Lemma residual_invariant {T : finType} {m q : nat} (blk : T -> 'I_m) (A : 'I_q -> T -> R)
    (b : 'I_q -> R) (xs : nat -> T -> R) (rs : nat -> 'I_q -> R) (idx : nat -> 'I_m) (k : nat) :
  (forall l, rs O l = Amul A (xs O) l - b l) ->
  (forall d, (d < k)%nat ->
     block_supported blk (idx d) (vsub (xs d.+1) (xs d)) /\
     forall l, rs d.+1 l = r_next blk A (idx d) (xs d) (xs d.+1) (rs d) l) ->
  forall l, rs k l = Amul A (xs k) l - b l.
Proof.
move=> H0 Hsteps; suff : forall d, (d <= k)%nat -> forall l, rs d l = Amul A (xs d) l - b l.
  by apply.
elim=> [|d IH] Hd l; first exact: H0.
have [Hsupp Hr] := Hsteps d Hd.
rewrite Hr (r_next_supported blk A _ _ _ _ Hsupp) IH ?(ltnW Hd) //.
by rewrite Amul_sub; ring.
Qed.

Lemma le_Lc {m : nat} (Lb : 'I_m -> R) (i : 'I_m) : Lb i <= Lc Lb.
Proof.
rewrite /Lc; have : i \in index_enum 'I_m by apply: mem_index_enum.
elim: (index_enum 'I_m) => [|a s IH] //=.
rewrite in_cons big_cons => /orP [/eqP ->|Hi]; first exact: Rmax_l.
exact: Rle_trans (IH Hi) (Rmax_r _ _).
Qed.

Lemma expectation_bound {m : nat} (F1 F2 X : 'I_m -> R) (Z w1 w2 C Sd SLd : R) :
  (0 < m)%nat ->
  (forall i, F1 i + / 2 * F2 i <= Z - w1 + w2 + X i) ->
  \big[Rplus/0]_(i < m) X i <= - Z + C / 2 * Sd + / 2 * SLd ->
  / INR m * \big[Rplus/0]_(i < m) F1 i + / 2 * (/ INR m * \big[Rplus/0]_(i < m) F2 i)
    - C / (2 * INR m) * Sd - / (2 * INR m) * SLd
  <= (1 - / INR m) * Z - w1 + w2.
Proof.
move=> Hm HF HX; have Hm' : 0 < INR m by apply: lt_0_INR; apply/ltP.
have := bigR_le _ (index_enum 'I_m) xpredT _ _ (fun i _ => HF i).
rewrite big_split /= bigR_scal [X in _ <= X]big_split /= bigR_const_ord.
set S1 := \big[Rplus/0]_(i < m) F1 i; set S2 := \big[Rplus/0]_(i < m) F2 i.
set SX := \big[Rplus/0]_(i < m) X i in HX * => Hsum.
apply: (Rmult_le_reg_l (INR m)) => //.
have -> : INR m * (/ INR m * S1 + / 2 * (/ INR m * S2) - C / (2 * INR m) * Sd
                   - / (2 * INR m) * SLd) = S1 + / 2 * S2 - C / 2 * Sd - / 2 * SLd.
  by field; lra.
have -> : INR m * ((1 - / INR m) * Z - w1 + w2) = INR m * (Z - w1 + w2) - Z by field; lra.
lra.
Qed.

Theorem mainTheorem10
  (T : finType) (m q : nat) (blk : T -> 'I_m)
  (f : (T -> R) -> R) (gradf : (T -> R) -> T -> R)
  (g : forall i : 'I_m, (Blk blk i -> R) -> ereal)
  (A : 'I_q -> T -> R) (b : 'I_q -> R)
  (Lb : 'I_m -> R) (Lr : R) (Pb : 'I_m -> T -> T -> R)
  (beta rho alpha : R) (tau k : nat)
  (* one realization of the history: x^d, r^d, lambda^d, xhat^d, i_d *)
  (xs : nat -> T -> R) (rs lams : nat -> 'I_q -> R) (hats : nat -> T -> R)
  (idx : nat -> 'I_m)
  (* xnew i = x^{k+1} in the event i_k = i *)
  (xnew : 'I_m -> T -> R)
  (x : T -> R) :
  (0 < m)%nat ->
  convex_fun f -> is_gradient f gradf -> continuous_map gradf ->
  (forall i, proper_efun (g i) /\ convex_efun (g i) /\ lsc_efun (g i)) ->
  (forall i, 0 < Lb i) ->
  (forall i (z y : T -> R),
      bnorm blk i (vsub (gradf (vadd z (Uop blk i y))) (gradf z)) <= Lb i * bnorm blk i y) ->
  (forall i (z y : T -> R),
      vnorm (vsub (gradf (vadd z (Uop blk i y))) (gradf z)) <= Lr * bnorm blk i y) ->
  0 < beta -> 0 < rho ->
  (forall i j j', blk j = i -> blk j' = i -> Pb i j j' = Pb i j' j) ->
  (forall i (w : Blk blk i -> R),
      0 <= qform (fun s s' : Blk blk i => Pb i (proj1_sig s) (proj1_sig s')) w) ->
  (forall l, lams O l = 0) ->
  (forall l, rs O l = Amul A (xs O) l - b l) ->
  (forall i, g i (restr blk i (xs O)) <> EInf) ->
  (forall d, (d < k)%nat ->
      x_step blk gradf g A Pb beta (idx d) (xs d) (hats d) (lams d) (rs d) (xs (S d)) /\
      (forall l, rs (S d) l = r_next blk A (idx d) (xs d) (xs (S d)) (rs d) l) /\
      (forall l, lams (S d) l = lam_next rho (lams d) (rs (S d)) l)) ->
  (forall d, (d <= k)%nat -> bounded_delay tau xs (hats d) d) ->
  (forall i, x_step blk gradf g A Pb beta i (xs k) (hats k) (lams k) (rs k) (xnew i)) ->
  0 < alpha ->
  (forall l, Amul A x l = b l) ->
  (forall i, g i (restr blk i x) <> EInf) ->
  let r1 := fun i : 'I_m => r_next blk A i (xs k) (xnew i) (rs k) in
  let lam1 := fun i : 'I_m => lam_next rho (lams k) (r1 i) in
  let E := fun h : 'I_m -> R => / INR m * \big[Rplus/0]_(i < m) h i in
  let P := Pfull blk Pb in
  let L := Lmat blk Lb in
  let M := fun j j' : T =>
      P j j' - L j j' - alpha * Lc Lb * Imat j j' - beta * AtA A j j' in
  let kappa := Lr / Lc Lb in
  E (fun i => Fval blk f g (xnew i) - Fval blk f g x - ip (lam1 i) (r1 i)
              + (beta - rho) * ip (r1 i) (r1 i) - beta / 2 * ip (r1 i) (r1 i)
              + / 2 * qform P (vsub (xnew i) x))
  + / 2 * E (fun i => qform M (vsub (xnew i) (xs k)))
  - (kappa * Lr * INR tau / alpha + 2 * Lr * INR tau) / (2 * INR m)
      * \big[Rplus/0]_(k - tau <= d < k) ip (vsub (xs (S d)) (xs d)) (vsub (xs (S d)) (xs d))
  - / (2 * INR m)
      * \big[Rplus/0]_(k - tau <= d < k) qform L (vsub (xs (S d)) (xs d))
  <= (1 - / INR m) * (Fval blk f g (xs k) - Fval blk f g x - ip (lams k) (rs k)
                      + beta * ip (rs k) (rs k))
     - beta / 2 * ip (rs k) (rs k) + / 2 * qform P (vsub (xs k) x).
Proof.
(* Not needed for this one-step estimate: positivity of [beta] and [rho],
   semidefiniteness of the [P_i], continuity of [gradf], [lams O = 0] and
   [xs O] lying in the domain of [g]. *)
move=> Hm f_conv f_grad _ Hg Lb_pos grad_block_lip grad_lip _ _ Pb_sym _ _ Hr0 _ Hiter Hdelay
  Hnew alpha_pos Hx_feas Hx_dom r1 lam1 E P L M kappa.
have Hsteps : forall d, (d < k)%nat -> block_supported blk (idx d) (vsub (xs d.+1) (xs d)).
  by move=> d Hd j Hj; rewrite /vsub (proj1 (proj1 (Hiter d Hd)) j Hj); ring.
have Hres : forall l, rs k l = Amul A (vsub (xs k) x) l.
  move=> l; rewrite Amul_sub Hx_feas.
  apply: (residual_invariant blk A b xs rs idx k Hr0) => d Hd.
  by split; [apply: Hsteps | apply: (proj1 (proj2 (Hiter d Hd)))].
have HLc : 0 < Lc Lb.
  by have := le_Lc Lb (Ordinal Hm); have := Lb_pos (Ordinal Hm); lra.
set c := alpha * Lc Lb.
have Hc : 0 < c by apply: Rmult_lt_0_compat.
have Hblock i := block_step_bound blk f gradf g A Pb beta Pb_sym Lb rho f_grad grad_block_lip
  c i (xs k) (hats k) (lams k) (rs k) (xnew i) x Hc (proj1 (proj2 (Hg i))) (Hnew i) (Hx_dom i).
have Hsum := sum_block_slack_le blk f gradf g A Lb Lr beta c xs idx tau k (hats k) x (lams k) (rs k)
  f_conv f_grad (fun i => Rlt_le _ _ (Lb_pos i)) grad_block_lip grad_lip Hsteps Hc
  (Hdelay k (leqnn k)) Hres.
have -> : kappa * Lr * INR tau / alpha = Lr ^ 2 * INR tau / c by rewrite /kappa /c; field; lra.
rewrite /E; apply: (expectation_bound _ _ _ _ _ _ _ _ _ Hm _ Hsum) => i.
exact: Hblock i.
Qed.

——

▸ **TASK GOAL**: If a line in the data holds the string "beta", copy that line.

▸ **ANSWER SECTION**:
  (beta rho alpha : R) (tau k : nat)
  0 < beta -> 0 < rho ->
      x_step blk gradf g A Pb beta (idx d) (xs d) (hats d) (lams d) (rs d) (xs (S d)) /\
  (forall i, x_step blk gradf g A Pb beta i (xs k) (hats k) (lams k) (rs k) (xnew i)) ->
      P j j' - L j j' - alpha * Lc Lb * Imat j j' - beta * AtA A j j' in
              + (beta - rho) * ip (r1 i) (r1 i) - beta / 2 * ip (r1 i) (r1 i)
                      + beta * ip (rs k) (rs k))
     - beta / 2 * ip (rs k) (rs k) + / 2 * qform P (vsub (xs k) x).
(* Not needed for this one-step estimate: positivity of [beta] and [rho],
have Hblock i := block_step_bound blk f gradf g A Pb beta Pb_sym Lb rho f_grad grad_block_lip
have Hsum := sum_block_slack_le blk f gradf g A Lb Lr beta c xs idx tau k (hats k) x (lams k) (rs k)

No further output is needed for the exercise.